I designed the row key of a HBase table as follows:
<clustering-prefix><yyyyMMdd><type><uid>
where the clustering-prefix is a two digit string allowing me to spread the load of a single day into the entire cluster, by grouping events into clusters.
I also created the table using the SPLITS_FILE clause, with the following split sequence:
002015010
012015010
022015010
032015010
042015010
...
992015010
012015011
022015011
...
This allows to send load to 100 regions in parallel, with pretty good performance, considering that the data is time-series.
Unfortunately, I noticed that many regions that are going to be filled in parallel (the day part is the same) are hosted by the same region server. That is, for example:
002015010 -> region_server_01 *
012015010 -> region_server_02
022015010 -> region_server_01 *
032015010 -> region_server_06 **
042015010 -> region_server_03
052015010 -> region_server_01 *
062015010 -> region_server_06 **
Ideally, if I have 100 region servers, I would like to assign regions in such a way that regions with a different clustering prefix (first two digits) are hosted by different region servers as much as possible.
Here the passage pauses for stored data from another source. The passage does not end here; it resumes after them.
(* Let $G\subset\mathbb{R}^n$ be a compact set of positive Lebesgue measure with empty interior, and let $w_G(x)=1$ for $x\in G$ and $w_G(x)=2$ for $x\in\mathbb{R}^n\setminus G$. Then the Banach function space $L^\infty(\mathbb{R}^n,w_G)$ does not satisfy the bounded $L^2$-approximation property.
   Context: $L^\infty(\mathbb{R}^n,w)$ is the space of measurable $f$ with $\|f\|_{L^\infty(\mathbb{R}^n,w)}:=\|fw\|_{L^\infty(\mathbb{R}^n)}<\infty$. A Banach function space $X$ of functions on $\mathbb{R}^n$ has the bounded $L^2$-approximation property if for every $u\in L^2(\mathbb{R}^n)\cap X$ there is a sequence $u_j\in C_0^\infty(\mathbb{R}^n)$ with $\|u-u_j\|_{L^2(\mathbb{R}^n)}\to0$ and $\limsup_j\|u_j\|_X\le\|u\|_X$. *)

From HB Require Import structures.
From mathcomp Require Import all_boot all_order all_algebra.
From mathcomp Require Import all_classical all_reals all_analysis.
Set Implicit Arguments. Unset Strict Implicit. Unset Printing Implicit Defensive.
Import Order.TTheory GRing.Theory Num.Theory.
Import numFieldNormedType.Exports.
Local Open Scope classical_set_scope.
Local Open Scope ring_scope.

(* R^n is modelled by row vectors 'rV[R]_n (normed space, sup norm). *)

Section Rn.
Context {R : realType}.

(* Lebesgue integral of a nonnegative (Borel) function on R^n, computed as the
   iterated one-dimensional Lebesgue integral (Tonelli):
   int_{R^{n+1}} f = int_R dx  int_{R^n} f(x, v) dv. *)
Fixpoint lint (n : nat) : ('rV[R]_n -> \bar R) -> \bar R :=
  match n with
  | 0 => fun f => f 0
  | n'.+1 => fun f =>
      (\int[@lebesgue_measure R]_x lint (fun v : 'rV[R]_n' =>
            f (row_mx (const_mx x : 'rV[R]_1) v)))%E
  end.

Definition lmeas (n : nat) (A : set 'rV[R]_n) : \bar R :=
  lint (fun x => (\1_A x)%:E).

Definition borel_fun (n : nat) (f : 'rV[R]_n -> R) : Prop :=
  forall B : set R, measurable B ->
    <<s [set U : set 'rV[R]_n | open U] >> (f @^-1` B).

Definition L2norm (n : nat) (f : 'rV[R]_n -> R) : \bar R :=
  poweR (lint (fun x => (`|f x| ^+ 2)%:E)) 2^-1.

Definition inL2 (n : nat) (f : 'rV[R]_n -> R) : Prop :=
  borel_fun f /\ (L2norm f < +oo)%E.

Definition esssup (n : nat) (g : 'rV[R]_n -> R) : \bar R :=
  ereal_inf [set t%:E | t in [set t : R | lmeas [set x | t < `|g x|] = 0%E]].

Definition Linf_w_norm (n : nat) (w : 'rV[R]_n -> R) (f : 'rV[R]_n -> R) :=
  esssup (fun x => f x * w x).

Definition inLinf_w (n : nat) (w : 'rV[R]_n -> R) (f : 'rV[R]_n -> R) : Prop :=
  borel_fun f /\ (Linf_w_norm w f < +oo)%E.

Fixpoint Ck (n : nat) (k : nat) (f : 'rV[R]_n -> R) : Prop :=
  match k with
  | 0 => continuous f
  | k'.+1 => (forall x, differentiable f x) /\
             (forall v : 'rV[R]_n, Ck k' (fun x => 'D_v f x))
  end.

Definition C0inf (n : nat) (f : 'rV[R]_n -> R) : Prop :=
  (forall k, Ck k f) /\
  exists K : set 'rV[R]_n, compact K /\ forall x, ~ K x -> f x = 0.

Definition bounded_L2_approx (n : nat) (inX : ('rV[R]_n -> R) -> Prop)
    (normX : ('rV[R]_n -> R) -> \bar R) : Prop :=
  forall u, inL2 u -> inX u ->
    exists uj : nat -> 'rV[R]_n -> R,
      (forall j, C0inf (uj j)) /\
      ((fun j => L2norm (u \- uj j)) @ \oo --> 0%E) /\
      (limn_esup (fun j => normX (uj j)) <= normX u)%E.

Definition wG (n : nat) (G : set 'rV[R]_n) (x : 'rV[R]_n) : R :=
  if x \in G then 1 else 2.

End Rn.

(* Take u = 4 1_G, whose weighted norm is at most 4.  If smooth u_j -> u in L^2
   with limsup ||u_j|| <= 4, then eventually ||u_j|| < 5.  A continuous v with
   ||v||_{w_G} < 5 satisfies |v| <= 5/2 everywhere: otherwise the open set
   {|v| > 5/2} meets the open complement of G (G has empty interior), and on
   that nonempty open set, which has positive measure, w_G = 2 gives
   |v w_G| > 5.  Hence |u - u_j| >= 1 on G, so ||u - u_j||_2 >= |G|^(1/2) > 0
   for all large j, contradicting L^2 convergence. *)

From HB Require Import structures.
From mathcomp Require Import all_boot all_order all_algebra.
From mathcomp Require Import all_classical all_reals all_analysis.
From mathcomp Require Import measurable_realfun ring lra.
Import Order.TTheory GRing.Theory Num.Theory.
Import numFieldNormedType.Exports.
Local Open Scope classical_set_scope.
Local Open Scope ring_scope.

Section order_topology_cvg.
Context {d} {T : orderTopologicalType d}.

Lemma cvg_lt_near {I : Type} {F : set_system I} {f : I -> T} {l e : T} :
  f @ F --> l -> (l < e)%O -> \forall i \near F, (f i < e)%O.
Proof.
move=> fl le; apply: (fl `]-oo, e[%classic); apply: open_nbhs_nbhs.
by split; [exact: lray_open | rewrite /= in_itv].
Qed.

End order_topology_cvg.

Section limn_esup.
Context {R : realType}.
Local Open Scope ereal_scope.

Lemma limn_esup_lt_near (u : (\bar R)^nat) (l : \bar R) :
  limn_esup u < l -> \forall n \near \oo, u n < l.
Proof.
rewrite limn_esup_lim => ul.
have cu : esups u @ \oo --> limn (esups u) := @is_cvg_esups R u.
apply: filterS (cvg_lt_near cu ul) => n; apply: le_lt_trans.
by apply: ereal_sup_ubound; exists n => /=.
Qed.

End limn_esup.

(* No measurability is needed: the integral of a nonnegative function is a
   supremum over the simple functions below it. *)
Lemma ge0_le_integralT d (T : measurableType d) {R : realType}
    (mu : {measure set T -> \bar R}) (f g : T -> \bar R) :
  (forall x, (0 <= f x)%E) -> (forall x, (f x <= g x)%E) ->
  (\int[mu]_x f x <= \int[mu]_x g x)%E.
Proof.
move=> f0 fg; have g0 x : (0 <= g x)%E := le_trans (f0 x) (fg x).
rewrite !ge0_integralTE//; apply: ereal_sup_le => _ [h hf <-].
by exists h => //= x; exact: le_trans (hf x) (fg x).
Qed.

Section lint.
Context {R : realType}.
Local Open Scope ereal_scope.

Lemma lint_ge0 n (f : 'rV[R]_n -> \bar R) : (forall x, 0 <= f x) -> 0 <= lint f.
Proof.
elim: n f => [|n IH] f f0 /=; first exact: f0.
by apply: integral_ge0 => x _; exact: IH.
Qed.

Lemma le_lint n (f g : 'rV[R]_n -> \bar R) :
  (forall x, 0 <= f x) -> (forall x, f x <= g x) -> lint f <= lint g.
Proof.
elim: n f g => [|n IH] f g f0 fg /=; first exact: fg.
by apply: ge0_le_integralT => x; [exact: lint_ge0 | exact: IH].
Qed.

Lemma lint0 n : lint (fun _ : 'rV[R]_n => 0) = 0.
Proof.
elim: n => [|n IH] //=.
by under eq_fun do rewrite IH; exact: integral0.
Qed.

Lemma lmeas0 n : lmeas (set0 : set 'rV[R]_n) = 0.
Proof.
by rewrite -(lint0 n); congr lint; apply/funext => x; rewrite indicE in_set0.
Qed.

End lint.

Section cube.
Context {R : realType}.

Definition cube {n} (c : 'rV[R]_n) (r : R) : set 'rV[R]_n :=
  [set y | forall j, `|c 0 j - y 0 j| < r].

Lemma cube_row n (c : 'rV[R]_(1 + n)) r a v :
  cube c r (row_mx (const_mx a : 'rV_1) v) <->
  ball (c 0 0) r a /\ cube (rsubmx c) r v.
Proof.
have l0 : lshift n (0 : 'I_1) = 0 :> 'I_(1 + n) by apply/val_inj.
split => [cv | [ca cv] j].
  split; first by have := cv (lshift n 0); rewrite row_mxEl !mxE l0.
  by move=> j; have := cv (rshift 1 j); rewrite row_mxEr !mxE.
case: (split_ordP j) => j' ->; first by rewrite row_mxEl !mxE (ord1 j') l0.
by rewrite row_mxEr; have := cv j'; rewrite !mxE.
Qed.

Lemma indic_cube_row n (c : 'rV[R]_(1 + n)) r a v :
  \1_(cube c r) (row_mx (const_mx a : 'rV_1) v) =
  \1_(ball (c 0 0) r) a * \1_(cube (rsubmx c) r) v :> R.
Proof.
rewrite !indicE; have [[ca cv]|h] := pselect (ball (c 0 0) r a /\ cube (rsubmx c) r v).
  by rewrite !mem_set ?mulr1 //; exact/cube_row.
rewrite memNset; last by move/cube_row.
have [ca|ca] := pselect (ball (c 0 0) r a); last by rewrite (memNset ca) /= mul0r.
by rewrite (mem_set ca) memNset /= ?mulr0 // => cv; exact: h.
Qed.

Lemma lint_cube n (c : 'rV[R]_n) r k : 0 < r -> 0 <= k ->
  lint (fun x => (k * \1_(cube c r) x)%:E) = (k * (2 * r) ^+ n)%:E.
Proof.
move=> r0 k0; elim: n c => [|n IH] c /=.
  by rewrite indicE mem_set ?expr0 // => -[].
have slice a : lint (fun v => (k * \1_(cube c r) (row_mx (const_mx a : 'rV_1) v))%:E)
    = ((\1_(ball (c 0 0) r) a)%:E * (k * (2 * r) ^+ n)%:E)%E.
  have [ca|ca] := pselect (ball (c 0 0) r a).
    rewrite indicE mem_set // mul1e -(IH (rsubmx (c : 'rV_(1 + n)))).
    by congr lint; apply/funext => v; rewrite indic_cube_row indicE mem_set // mul1r.
  rewrite indicE memNset // mul0e -(lint0 n); congr lint; apply/funext => v.
  by rewrite indic_cube_row indicE memNset // mul0r mulr0.
have mB : measurable (ball (c 0 0) r : set R) by exact: measurable_ball.
under eq_fun do rewrite slice.
rewrite ge0_integralZr //; last by rewrite lee_fin mulr_ge0 // exprn_ge0 // mulr_ge0 // ltW.
- rewrite integral_indic // setIT.
  rewrite [X in (X * _)%E](_ : _ = (r *+ 2)%:E); last exact: lebesgue_measure_ball (ltW r0).
  by rewrite -EFinM exprS; congr EFin; ring.
- by apply: measurableT_comp => //; exact: measurable_indic.
Qed.

Lemma cube_sub_ball n (c : 'rV[R]_n) r : 0 < r -> cube c r `<=` ball c r.
Proof. by move=> r0 y cy; split => // i j; rewrite (ord1 i); exact: cy. Qed.

Lemma bounded_sub_cube n (A : set 'rV[R]_n) :
  bounded_set A -> exists2 M, 0 < M & A `<=` cube 0 M.
Proof.
case=> M0 [_ AM]; exists (`|M0| + 2); first by rewrite ltr_wpDl.
move=> y Ay j; have [_ yM] : ball (0 : 'rV[R]_n) (`|M0| + 2) y.
  rewrite -ball_normE /ball_ /= sub0r normrN.
  apply: (@le_lt_trans _ _ (`|M0| + 1)); last by rewrite ltrD2l ltr1n.
  by apply: AM => //; rewrite ltr_pwDr // ler_norm.
exact: yM 0 j.
Qed.

End cube.

Section measure_facts.
Context {R : realType}.

Lemma le_indic {T : Type} (A B : set T) (x : T) :
  A `<=` B -> \1_A x <= \1_B x :> R.
Proof.
move=> AB; rewrite !indicE; have [Ax|Ax] := pselect (A x).
  by rewrite !mem_set //; exact: AB.
by rewrite memNset.
Qed.

Lemma lmeas_nbhs_gt0 {n} (x : 'rV[R]_n) (S : set 'rV[R]_n) :
  nbhs x S -> (0 < lmeas S)%E.
Proof.
move=> /nbhs_ballP [r r0 xrS].
apply: (@lt_le_trans _ _ (lint (fun y => (1 * \1_(cube x r) y)%:E))).
  by rewrite lint_cube // lte_fin mul1r exprn_gt0 // mulr_gt0.
apply: le_lint => y; rewrite mul1r lee_fin //.
by apply: le_indic; apply: subset_trans xrS; exact: cube_sub_ball.
Qed.

Lemma lint_bounded_lty {n} {A : set 'rV[R]_n} {f : 'rV[R]_n -> \bar R} (k : R) :
  bounded_set A -> 0 <= k -> (forall x, (0 <= f x)%E) ->
  (forall x, (f x <= (k * \1_A x)%:E)%E) -> (lint f < +oo)%E.
Proof.
move=> /bounded_sub_cube [M M0 AM] k0 f0 fk.
apply: (@le_lt_trans _ _ (lint (fun x => (k * \1_(cube 0 M) x)%:E))).
  apply: le_lint => // x; apply: le_trans (fk x) _.
  by rewrite lee_fin ler_wpM2l //; exact: le_indic.
by rewrite lint_cube // ltry.
Qed.

Lemma borel_fun_indic {n} (A : set 'rV[R]_n) :
  <<s [set U : set 'rV[R]_n | open U] >> A -> borel_fun (\1_A : _ -> R).
Proof.
move=> mA B _; rewrite preimage_indic.
have := sigma_algebraC (@sigma_algebra0 _ setT [set U : set 'rV[R]_n | open U]).
rewrite setC0 => mT.
by repeat case: ifP => _ //; [exact: sigma_algebraC | exact: (@sigma_algebra0 _ setT)].
Qed.

Lemma borel_fun_comp {n} (g : R -> R) (f : 'rV[R]_n -> R) :
  measurable_fun setT g -> borel_fun f -> borel_fun (g \o f).
Proof.
move=> mg bf B mB; rewrite comp_preimage; apply: bf.
by rewrite -[_ @^-1` _]setTI; exact: mg.
Qed.

End measure_facts.

Section esssup.
Context {R : realType}.

Lemma esssup_le {n} (g : 'rV[R]_n -> R) (t : R) :
  (forall x, `|g x| <= t) -> (esssup g <= t%:E)%E.
Proof.
move=> gt; apply: ereal_inf_lbound; exists t => //=.
rewrite -(lmeas0 n); congr lmeas; apply/seteqP; split => x //=.
by rewrite ltNge gt.
Qed.

Lemma esssup_ge_nbhs {n} (x : 'rV[R]_n) (g : 'rV[R]_n -> R) (t : R) :
  nbhs x [set y | t < `|g y|] -> (t%:E <= esssup g)%E.
Proof.
move=> xt; apply/ereal_infP => _ [s gs0 <-].
rewrite lee_fin leNgt; apply/negP => st.
suff : (0 < lmeas [set y | (s < `|g y|)%R])%E by rewrite gs0 ltxx.
by apply: (lmeas_nbhs_gt0 x); apply: filterS xt => y; exact: lt_trans st.
Qed.

End esssup.

Lemma Linf_wG_lt_bound {R : realType} {n} {G : set 'rV[R]_n}
    {v : 'rV[R]_n -> R} {t : R} :
  closed G -> interior G = set0 -> continuous v ->
  (Linf_w_norm (wG G) v < t%:E)%E -> forall x, `|v x| <= t / 2.
Proof.
move=> clG iG cv vt x; rewrite leNgt; apply/negP => xt.
pose U := [set y | t / 2 < `|v y|].
have oU : open U.
  have -> : U = (fun y => `|v y|) @^-1` `]t / 2, +oo[.
    by apply/seteqP; split => y /=; rewrite in_itv /= andbT.
  apply: open_comp; last exact: rray_open.
  by move=> y _; apply: continuous_comp (cv y) _; exact: norm_continuous.
have [y [Uy Gy]] : exists y, U y /\ ~ G y.
  apply: contrapT => UG; suff : interior G x by rewrite iG.
  apply: filterS (open_nbhs_nbhs (conj oU xt)) => z Uz.
  by apply: contrapT => Gz; apply: UG; exists z.
have yW : nbhs y (U `&` ~` G).
  by apply: open_nbhs_nbhs; split; [exact/openI/closed_openC | ].
suff : (t%:E <= Linf_w_norm (wG G) v)%E by rewrite leNgt vt.
apply: (esssup_ge_nbhs y); apply: filterS yW => z [/= Uz Gz].
move: Uz; rewrite /U /wG memNset //= normrM (@ger0_norm _ 2) //; lra.
Qed.

Lemma L2norm_ge_lmeas {R : realType} {n} (A : set 'rV[R]_n) (f : 'rV[R]_n -> R) :
  (forall x, A x -> 1 <= `|f x|) -> (lmeas A `^ 2^-1 <= L2norm f)%E.
Proof.
move=> Af; apply: gt0_ler_poweR; first by rewrite invr_ge0.
- by rewrite in_itv /= leey andbT; apply: lint_ge0 => x; rewrite lee_fin.
- by rewrite in_itv /= leey andbT; apply: lint_ge0 => x; rewrite lee_fin.
apply: le_lint => x; rewrite lee_fin // indicE.
have [Ax|Ax] := pselect (A x); last by rewrite memNset // exprn_ge0.
by rewrite mem_set // exprn_ege1 // Af.
Qed.

Theorem theorem2p6 (R : realType) (n : nat) (G : set 'rV[R]_n) :
  compact G -> (0 < lmeas G)%E -> interior G = set0 ->
  ~ bounded_L2_approx (inLinf_w (wG G)) (Linf_w_norm (wG G)).
Proof.
move=> cG mG iG approx.
have clG : closed G := compact_closed (@norm_hausdorff _ _) cG.
pose u x : R := 4 * \1_G x.
have u_borel : borel_fun u.
  have bG : <<s [set U : set 'rV[R]_n | open U] >> G.
    rewrite -[G]setCK; apply: sigma_algebraC; apply: sub_sigma_algebra.
    exact: closed_openC.
  exact: borel_fun_comp (mulrl_measurable 4) (borel_fun_indic _ bG).
have u_L2 : inL2 u.
  split => //; apply/poweR_lty/(lint_bounded_lty 16 (compact_bounded cG)) => // x.
  rewrite lee_fin /u indicE.
  by case: (x \in G); rewrite /= ?mulr1 ?mulr0 ?normr0 ?expr0n // ger0_norm // -natrX.
have u_norm : (Linf_w_norm (wG G) u <= 4%:E)%E.
  apply: esssup_le => x; rewrite /u /wG indicE.
  by case: (x \in G) => /=; rewrite ?mulr1 ?mulr0 ?mul0r ?normr0 ?ger0_norm.
have [uj [uj_smooth [uj_L2 uj_Linf]]] :=
  approx u u_L2 (conj u_borel (le_lt_trans u_norm (ltry _))).
pose e := (lmeas G `^ 2^-1)%E.
have near_lt5 : \forall j \near \oo, (Linf_w_norm (wG G) (uj j) < 5%:E)%E.
  apply: limn_esup_lt_near; apply: (le_lt_trans uj_Linf).
  by apply: (le_lt_trans u_norm); rewrite lte_fin ltr_nat.
have near_close : \forall j \near \oo, (L2norm (u \- uj j)%R < e)%E.
  exact: cvg_lt_near uj_L2 (poweR_gt0 _ mG).
have [j [uj_lt5 uj_close]] := filter_ex (filterI near_lt5 near_close).
have uj_bound := Linf_wG_lt_bound clG iG ((uj_smooth j).1 0) uj_lt5.
suff : (e <= L2norm (u \- uj j)%R)%E by rewrite leNgt uj_close.
apply: L2norm_ge_lmeas => x Gx; rewrite /u /= indicE mem_set // mulr1.
have := uj_bound x; rewrite ler_norml => /andP[_ uj_le].
by apply: le_trans (ler_norm _); lra.
Qed.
I tried changing the order of region splits in SPLITS_FILE but the behavior didn't change.
The reason for this kind of row is related to read and write requirements:
- Write: events of a single day with different clustering prefixes will be written concurrently as they arrive
- Read: after some amount of time, events with the same clustering prefix received in a date range should be processed in batch by a Spark job
Question
Is there a way to configure HBase (AssignmentManager ?) for assigning different clustering prefixes to different region servers ?
Seems that the behaviour of the assignment process is random by default.